[Source records — start]

(* Let $\Gamma\subseteq\mathbb R^n$ be an open convex set, $S\subseteq\Gamma$ a nonempty convex set, and $f:\Gamma\to\mathbb R$ a continuously differentiable function that is pseudoconvex on $\Gamma$. Let $\bar S=\arg\min\{f(x)\mid x\in S\}$ and $\bar x\in\bar S$. Define \[ \hat T_1:=\{x\in S\mid \nabla f(\bar x)^T(x-\bar x)=0,\ \exists\, p(x)>0:\ \nabla f(x)=p(x)\nabla f(\bar x)\}, \] \[ \hat T_2:=\{x\in S\mid \nabla f(\bar x)^T(x-\bar x)\le0,\ \exists\, p(x)>0:\ \nabla f(x)=p(x)\nabla f(\bar x)\}. \] Then $\bar S=\hat T_1=\hat T_2$.
   Context: A differentiable function $f$ on an open set $\Gamma$ is pseudoconvex on $\Gamma$ iff for all $x,y\in\Gamma$, $f(y)<f(x)$ implies $\nabla f(x)^T(y-x)<0$. *)

From Stdlib Require Vectors.Fin.
From Stdlib Require Import Reals Lra.
Open Scope R_scope.

Definition Vec (n : nat) : Type := Fin.t n -> R.

Fixpoint dot (n : nat) : Vec n -> Vec n -> R :=
  match n with
  | O => fun _ _ => 0
  | Datatypes.S m => fun u v =>
      u Fin.F1 * v Fin.F1 + dot m (fun i => u (Fin.FS i)) (fun i => v (Fin.FS i))
  end.
Arguments dot {n} _ _.

Definition vsub {n} (u v : Vec n) : Vec n := fun i => u i - v i.
Definition vadd {n} (u v : Vec n) : Vec n := fun i => u i + v i.
Definition vscal {n} (a : R) (u : Vec n) : Vec n := fun i => a * u i.

Definition vnorm {n} (u : Vec n) : R := sqrt (dot u u).

Definition is_open {n} (G : Vec n -> Prop) : Prop :=
  forall x, G x -> exists r, 0 < r /\ forall y, vnorm (vsub y x) < r -> G y.

Definition is_convex {n} (G : Vec n -> Prop) : Prop :=
  forall x y t, G x -> G y -> 0 <= t <= 1 -> G (vadd x (vscal t (vsub y x))).

Definition has_gradient {n} (f : Vec n -> R) (g : Vec n) (x : Vec n) : Prop :=
  forall eps, 0 < eps -> exists delta, 0 < delta /\
    forall y, vnorm (vsub y x) < delta ->
      Rabs (f y - f x - dot g (vsub y x)) <= eps * vnorm (vsub y x).

Definition C1_on {n} (G : Vec n -> Prop) (f : Vec n -> R) (df : Vec n -> Vec n) : Prop :=
  (forall x, G x -> has_gradient f (df x) x) /\
  (forall x, G x -> forall eps, 0 < eps -> exists delta, 0 < delta /\
     forall y, G y -> vnorm (vsub y x) < delta -> vnorm (vsub (df y) (df x)) < eps).

Definition pseudoconvex_on {n} (G : Vec n -> Prop) (f : Vec n -> R) (df : Vec n -> Vec n) : Prop :=
  forall x y, G x -> G y -> f y < f x -> dot (df x) (vsub y x) < 0.

Definition argmin_on {n} (f : Vec n -> R) (S : Vec n -> Prop) (x : Vec n) : Prop :=
  S x /\ forall y, S y -> f x <= f y.

Definition T1hat {n} (f : Vec n -> R) (df : Vec n -> Vec n) (S : Vec n -> Prop) (xbar x : Vec n) : Prop :=
  S x /\ dot (df xbar) (vsub x xbar) = 0 /\
  exists p, 0 < p /\ df x = vscal p (df xbar).

Definition T2hat {n} (f : Vec n -> R) (df : Vec n -> Vec n) (S : Vec n -> Prop) (xbar x : Vec n) : Prop :=
  S x /\ dot (df xbar) (vsub x xbar) <= 0 /\
  exists p, 0 < p /\ df x = vscal p (df xbar).

(* If [x] and [xbar] both minimise [f] on [S], first-order optimality at [xbar] and
   pseudoconvexity at [xbar] show that every direction [d] with [∇f(xbar)·d > 0] satisfies
   [∇f(x)·d >= 0] (otherwise a small step from [x] along [d] would leave [f] below the
   minimum, forcing [∇f(xbar)·(x + t d - xbar) < 0]).  Such an inclusion of half-spaces
   makes [∇f(x)] a nonnegative multiple of [∇f(xbar)]; the multiple is positive because a
   stationary point of a pseudoconvex function is a global minimum on the open set [Γ],
   where the gradient must then vanish.  Finally [∇f(xbar)·(x - xbar)] is [>= 0] by
   optimality of [xbar] and [<= 0] by optimality of [x].  Conversely, for [x] in [T2hat]
   with [f x > f xbar], pseudoconvexity at [x] would give [p ∇f(xbar)·(xbar - x) < 0]. *)
From Stdlib Require Import Reals.
From Stdlib Require Import Lra Psatz FunctionalExtensionality.
Open Scope R_scope.

Definition vzero {n} : Vec n := fun _ => 0.

Lemma dot_comm {n} (u v : Vec n) : dot u v = dot v u.
Proof. induction n; simpl; [reflexivity | rewrite IHn; ring]. Qed.

Lemma dot_addl {n} (u v w : Vec n) : dot (vadd u v) w = dot u w + dot v w.
Proof.
  induction n; simpl; [ring |].
  unfold vadd in *; rewrite (IHn (fun i => u (Fin.FS i))); ring.
Qed.

Lemma dot_subl {n} (u v w : Vec n) : dot (vsub u v) w = dot u w - dot v w.
Proof.
  induction n; simpl; [ring |].
  unfold vsub in *; rewrite (IHn (fun i => u (Fin.FS i))); ring.
Qed.

Lemma dot_scall {n} a (u w : Vec n) : dot (vscal a u) w = a * dot u w.
Proof.
  induction n; simpl; [ring |].
  unfold vscal in *; rewrite (IHn (fun i => u (Fin.FS i))); ring.
Qed.

Lemma dot_addr {n} (w u v : Vec n) : dot w (vadd u v) = dot w u + dot w v.
Proof. rewrite dot_comm, dot_addl, !(dot_comm _ w); reflexivity. Qed.

Lemma dot_subr {n} (w u v : Vec n) : dot w (vsub u v) = dot w u - dot w v.
Proof. rewrite dot_comm, dot_subl, !(dot_comm _ w); reflexivity. Qed.

Lemma dot_scalr {n} a (w u : Vec n) : dot w (vscal a u) = a * dot w u.
Proof. rewrite dot_comm, dot_scall, dot_comm; reflexivity. Qed.

Lemma dot0r {n} (u : Vec n) : dot u vzero = 0.
Proof. induction n; simpl; [| rewrite IHn]; unfold vzero; ring. Qed.

Lemma dot0l {n} (u : Vec n) : dot vzero u = 0.
Proof. rewrite dot_comm; apply dot0r. Qed.

Lemma dot_self_ge0 {n} (u : Vec n) : 0 <= dot u u.
Proof. induction n; simpl; [lra | specialize (IHn (fun i => u (Fin.FS i))); nra]. Qed.

Lemma dot_self_eq0 {n} (u : Vec n) : dot u u = 0 -> u = vzero.
Proof.
  intro H; apply functional_extensionality; intro i; unfold vzero.
  induction n; simpl in H.
  - exact (Fin.case0 (fun _ => u i = 0) i).
  - pose proof (dot_self_ge0 (fun i => u (Fin.FS i))).
    apply (Fin.caseS' i); [nra |].
    intro j; apply (IHn (fun i => u (Fin.FS i))); nra.
Qed.

Lemma dot_self_gt0 {n} (u : Vec n) : u <> vzero -> 0 < dot u u.
Proof.
  intro Hu; destruct (dot_self_ge0 u) as [h | h]; [exact h |].
  now destruct Hu; apply dot_self_eq0.
Qed.

Lemma vnorm_scal {n} t (d : Vec n) : 0 <= t -> vnorm (vscal t d) = t * vnorm d.
Proof.
  intro Ht; unfold vnorm; rewrite dot_scall, dot_scalr, <- Rmult_assoc.
  rewrite sqrt_mult by (nra || apply dot_self_ge0).
  now rewrite sqrt_square.
Qed.

Lemma vnorm_gt0 {n} (d : Vec n) : d <> vzero -> 0 < vnorm d.
Proof. intro Hd; apply sqrt_lt_R0, dot_self_gt0, Hd. Qed.

Lemma vsub_vaddl {n} (x v : Vec n) : vsub (vadd x v) x = v.
Proof. apply functional_extensionality; intro i; unfold vsub, vadd; ring. Qed.

Lemma vsub_vadd {n} (x v y : Vec n) : vsub (vadd x v) y = vadd (vsub x y) v.
Proof. apply functional_extensionality; intro i; unfold vsub, vadd; ring. Qed.

Lemma dot_vsub_swap {n} (w x y : Vec n) : dot w (vsub y x) = - dot w (vsub x y).
Proof. rewrite !dot_subr; ring. Qed.

Lemma vscal1 {n} (u : Vec n) : vscal 1 u = u.
Proof. apply functional_extensionality; intro i; unfold vscal; ring. Qed.

Lemma vscal0 {n} (u : Vec n) : vscal 0 u = vzero.
Proof. apply functional_extensionality; intro i; unfold vscal, vzero; ring. Qed.

Lemma Rlt_mult_of_lt_div t r c : 0 < c -> t < r / c -> t * c < r.
Proof.
  intros Hc Ht; replace r with (r / c * c) by (field; lra).
  now apply Rmult_lt_compat_r.
Qed.

Lemma has_gradient_descent {n} (f : Vec n -> R) a x d :
  has_gradient f a x -> dot a d < 0 ->
  exists delta, 0 < delta /\ forall t, 0 < t < delta -> f (vadd x (vscal t d)) < f x.
Proof.
  intros Hg Had.
  assert (HN : 0 < vnorm d).
  { apply vnorm_gt0; intro Hd; rewrite Hd, dot0r in Had; lra. }
  destruct (Hg (- dot a d / (2 * vnorm d))) as [delta [Hdelta Hy]].
  { apply Rdiv_lt_0_compat; lra. }
  exists (delta / vnorm d); split; [apply Rdiv_lt_0_compat; lra |].
  intros t [Ht Htd].
  specialize (Hy (vadd x (vscal t d))).
  rewrite vsub_vaddl, vnorm_scal, dot_scalr in Hy by lra.
  specialize (Hy (Rlt_mult_of_lt_div _ _ _ HN Htd)).
  replace (- dot a d / (2 * vnorm d) * (t * vnorm d)) with (- (t * dot a d) / 2) in Hy
    by (field; lra).
  pose proof (Rle_abs (f (vadd x (vscal t d)) - f x - t * dot a d)).
  nra.
Qed.

Lemma open_descent {n} (G : Vec n -> Prop) (f : Vec n -> R) a x d :
  is_open G -> G x -> has_gradient f a x -> dot a d < 0 ->
  exists t, 0 < t /\ G (vadd x (vscal t d)) /\ f (vadd x (vscal t d)) < f x.
Proof.
  intros HG Gx Hg Had.
  destruct (has_gradient_descent f a x d Hg Had) as [delta [Hdelta Hdesc]].
  destruct (HG x Gx) as [r [Hr Hball]].
  pose proof (sqrt_pos (dot d d)) as HN; fold (vnorm d) in HN.
  set (s := r / (vnorm d + 1)).
  assert (Hs : 0 < s) by (apply Rdiv_lt_0_compat; lra).
  set (t := Rmin delta s / 2).
  assert (Ht : 0 < t < delta /\ t < s).
  { pose proof (Rmin_glb_lt _ _ _ Hdelta Hs).
    pose proof (Rmin_l delta s); pose proof (Rmin_r delta s); unfold t; lra. }
  exists t; split; [lra | split; [| now apply Hdesc]].
  apply Hball; rewrite vsub_vaddl, vnorm_scal by lra.
  pose proof (Rlt_mult_of_lt_div t r (vnorm d + 1) ltac:(lra) (proj2 Ht)).
  nra.
Qed.

Lemma argmin_first_order {n} (S : Vec n -> Prop) f (b z x : Vec n) :
  is_convex S -> argmin_on f S z -> has_gradient f b z -> S x -> 0 <= dot b (vsub x z).
Proof.
  intros HS [Sz Hmin] Hg Sx.
  destruct (Rle_or_lt 0 (dot b (vsub x z))) as [h | h]; [exact h | exfalso].
  destruct (has_gradient_descent f b z _ Hg h) as [delta [Hdelta Hdesc]].
  set (t := Rmin delta 1 / 2).
  assert (Ht : 0 < t < delta /\ t <= 1).
  { pose proof (Rmin_l delta 1); pose proof (Rmin_r delta 1).
    pose proof (Rmin_glb_lt _ _ _ Hdelta Rlt_0_1); unfold t; lra. }
  specialize (Hmin (vadd z (vscal t (vsub x z))) (HS z x t Sz Sx ltac:(lra))).
  specialize (Hdesc t (proj1 Ht)); lra.
Qed.

Lemma global_min_open_gradient {n} (G : Vec n -> Prop) f (b z : Vec n) :
  is_open G -> G z -> has_gradient f b z -> (forall y, G y -> f z <= f y) -> b = vzero.
Proof.
  intros HG Gz Hg Hmin.
  destruct (dot_self_ge0 b) as [h | h]; [exfalso | now apply dot_self_eq0].
  assert (Hd : dot b (vscal (-1) b) < 0) by (rewrite dot_scalr; lra).
  destruct (open_descent G f b z _ HG Gz Hg Hd) as [t [_ [Gy Hfy]]].
  specialize (Hmin _ Gy); lra.
Qed.

Lemma pseudoconvex_stationary_min {n} (G : Vec n -> Prop) f df x :
  pseudoconvex_on G f df -> G x -> df x = vzero -> forall y, G y -> f x <= f y.
Proof.
  intros Hpc Gx Hdx y Gy.
  destruct (Rle_or_lt (f x) (f y)) as [h | h]; [exact h |].
  specialize (Hpc x y Gx Gy h); rewrite Hdx, dot0l in Hpc; lra.
Qed.

(* The component [c] of [a] orthogonal to [b] vanishes: testing [d = e b - c] gives
   [c·c <= e (a·b)] for every [e > 0]. *)
Lemma halfspace_incl_multiple {n} (a b : Vec n) :
  b <> vzero -> (forall d, 0 < dot b d -> 0 <= dot a d) ->
  exists p, 0 <= p /\ a = vscal p b.
Proof.
  intros Hb Hincl.
  pose proof (dot_self_gt0 b Hb) as Hbb.
  set (p := dot a b / dot b b).
  set (c := vsub a (vscal p b)).
  assert (Hbc : dot b c = 0).
  { unfold c, p; rewrite dot_subr, dot_scalr, (dot_comm b a); field; lra. }
  assert (Hac : dot a c = dot c c).
  { unfold c at 2; rewrite dot_subl, dot_scall, Hbc; ring. }
  assert (Hab : 0 <= dot a b) by (apply Hincl, Hbb).
  assert (Hcc : forall e, 0 < e -> dot c c <= e * dot a b).
  { intros e He.
    assert (Hd : 0 < dot b (vsub (vscal e b) c)) by (rewrite dot_subr, dot_scalr; nra).
    specialize (Hincl _ Hd); rewrite dot_subr, dot_scalr, Hac in Hincl; lra. }
  assert (Hc : c = vzero).
  { apply dot_self_eq0, Rle_antisym; [| apply dot_self_ge0].
    destruct (Rle_or_lt (dot c c) 0) as [h | h]; [exact h | exfalso].
    destruct (Req_dec (dot a b) 0) as [h0 | h0].
    - specialize (Hcc 1 Rlt_0_1); lra.
    - specialize (Hcc (dot c c / (2 * dot a b)) ltac:(apply Rdiv_lt_0_compat; lra)).
      replace (dot c c / (2 * dot a b) * dot a b) with (dot c c / 2) in Hcc
        by (field; lra); lra. }
  exists p; split.
  - unfold p; apply Rmult_le_pos; [exact Hab | left; apply Rinv_0_lt_compat, Hbb].
  - apply functional_extensionality; intro i.
    apply (f_equal (fun v => v i)) in Hc; unfold c, vsub, vzero in Hc; lra.
Qed.

Section Argmin.

Variables (n : nat) (G S : Vec n -> Prop) (f : Vec n -> R) (df : Vec n -> Vec n).
Hypotheses (HGopen : is_open G) (HSsub : forall x, S x -> G x) (HSconv : is_convex S).
Hypothesis Hgrad : forall x, G x -> has_gradient f (df x) x.
Hypothesis Hpc : pseudoconvex_on G f df.
Variable xbar : Vec n.
Hypothesis Hxbar : argmin_on f S xbar.

Lemma argmin_value x : argmin_on f S x -> f x = f xbar.
Proof.
  intros [Sx Hx]; destruct Hxbar as [Sxbar Hxb].
  specialize (Hx _ Sxbar); specialize (Hxb _ Sx); lra.
Qed.

Lemma argmin_stationary_transfer x z :
  argmin_on f S x -> argmin_on f S z -> df z = vzero -> df x = vzero.
Proof.
  intros Hx Hz Hdz.
  assert (Gx : G x) by apply HSsub, Hx.
  apply (global_min_open_gradient G f _ x HGopen Gx (Hgrad x Gx)).
  intros y Gy; rewrite (argmin_value x Hx), <- (argmin_value z Hz).
  apply (pseudoconvex_stationary_min G f df); auto; apply HSsub, Hz.
Qed.

Lemma argmin_gradient_halfspace x :
  argmin_on f S x -> forall d, 0 < dot (df xbar) d -> 0 <= dot (df x) d.
Proof.
  intros Hx d Hbd.
  destruct (Rle_or_lt 0 (dot (df x) d)) as [h | h]; [exact h | exfalso].
  assert (Gx : G x) by apply HSsub, Hx.
  assert (Gxbar : G xbar) by apply HSsub, Hxbar.
  destruct (open_descent G f _ x d HGopen Gx (Hgrad x Gx) h) as [t [Ht [Gy Hfy]]].
  rewrite (argmin_value x Hx) in Hfy.
  specialize (Hpc xbar _ Gxbar Gy Hfy).
  rewrite vsub_vadd, dot_addr, dot_scalr in Hpc.
  pose proof (argmin_first_order S f _ xbar x HSconv Hxbar
                (Hgrad xbar Gxbar) (proj1 Hx)).
  nra.
Qed.

Lemma argmin_gradient_multiple x :
  argmin_on f S x -> exists p, 0 < p /\ df x = vscal p (df xbar).
Proof.
  intro Hx.
  destruct (Req_dec (dot (df xbar) (df xbar)) 0) as [Hb0 | Hb].
  - apply dot_self_eq0 in Hb0; exists 1; split; [lra |].
    now rewrite vscal1, Hb0; apply (argmin_stationary_transfer x xbar).
  - assert (Hb0 : df xbar <> vzero) by (intro E; rewrite E, dot0r in Hb; lra).
    destruct (halfspace_incl_multiple _ _ Hb0 (argmin_gradient_halfspace x Hx))
      as [p [[Hp | Hp0] Hdx]].
    + now exists p.
    + destruct Hb0; apply (argmin_stationary_transfer xbar x); auto.
      now rewrite Hdx, <- Hp0, vscal0.
Qed.

Lemma argmin_T1hat x : argmin_on f S x -> T1hat f df S xbar x.
Proof.
  intro Hx.
  destruct (argmin_gradient_multiple x Hx) as [p [Hp Hdx]].
  assert (Gx : G x) by apply HSsub, Hx.
  assert (Gxbar : G xbar) by apply HSsub, Hxbar.
  pose proof (argmin_first_order S f _ xbar x HSconv Hxbar
                (Hgrad xbar Gxbar) (proj1 Hx)) as Hge.
  pose proof (argmin_first_order S f _ x xbar HSconv Hx
                (Hgrad x Gx) (proj1 Hxbar)) as Hle.
  rewrite Hdx, dot_scall, dot_vsub_swap in Hle.
  split; [apply Hx | split; [nra | exists p; auto]].
Qed.

Lemma T2hat_argmin x : T2hat f df S xbar x -> argmin_on f S x.
Proof.
  intros [Sx [Hle [p [Hp Hdx]]]]; split; [exact Sx |].
  intros y Sy; apply Rle_trans with (f xbar); [| apply Hxbar, Sy].
  destruct (Rle_or_lt (f x) (f xbar)) as [h | h]; [exact h | exfalso].
  specialize (Hpc x xbar (HSsub x Sx) (HSsub xbar (proj1 Hxbar)) h).
  rewrite Hdx, dot_scall, dot_vsub_swap in Hpc; nra.
Qed.

End Argmin.

Theorem corollary1 (n : nat) (G Sset : Vec n -> Prop) (f : Vec n -> R) (df : Vec n -> Vec n)
  (HGopen : is_open G) (HGconv : is_convex G)
  (HSsub : forall x, Sset x -> G x) (HSne : exists x, Sset x) (HSconv : is_convex Sset)
  (Hf : C1_on G f df) (Hpc : pseudoconvex_on G f df)
  (xbar : Vec n) (Hxbar : argmin_on f Sset xbar) :
  (forall x, argmin_on f Sset x <-> T1hat f df Sset xbar x) /\
  (forall x, argmin_on f Sset x <-> T2hat f df Sset xbar x).
Proof.
  destruct Hf as [Hgrad _].
  pose proof (argmin_T1hat n G Sset f df HGopen HSsub HSconv Hgrad Hpc xbar Hxbar) as AT1.
  pose proof (T2hat_argmin n G Sset f df HSsub Hpc xbar Hxbar) as T2A.
  assert (T1T2 : forall x, T1hat f df Sset xbar x -> T2hat f df Sset xbar x).
  { intros x [Sx [H0 Hp]]; repeat split; auto; lra. }
  split; intro x; split; intro Hx.
  - exact (AT1 x Hx).
  - exact (T2A x (T1T2 x Hx)).
  - exact (T1T2 x (AT1 x Hx)).
  - exact (T2A x Hx).
Qed.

[Source records — finish]

Search the data above for "replace" and copy every line where it turns up.

#### [Result of the exercise]
  intros Hc Ht; replace r with (r / c * c) by (field; lra).
  replace (- dot a d / (2 * vnorm d) * (t * vnorm d)) with (- (t * dot a d) / 2) in Hy
      replace (dot c c / (2 * dot a b) * dot a b) with (dot c c / 2) in Hcc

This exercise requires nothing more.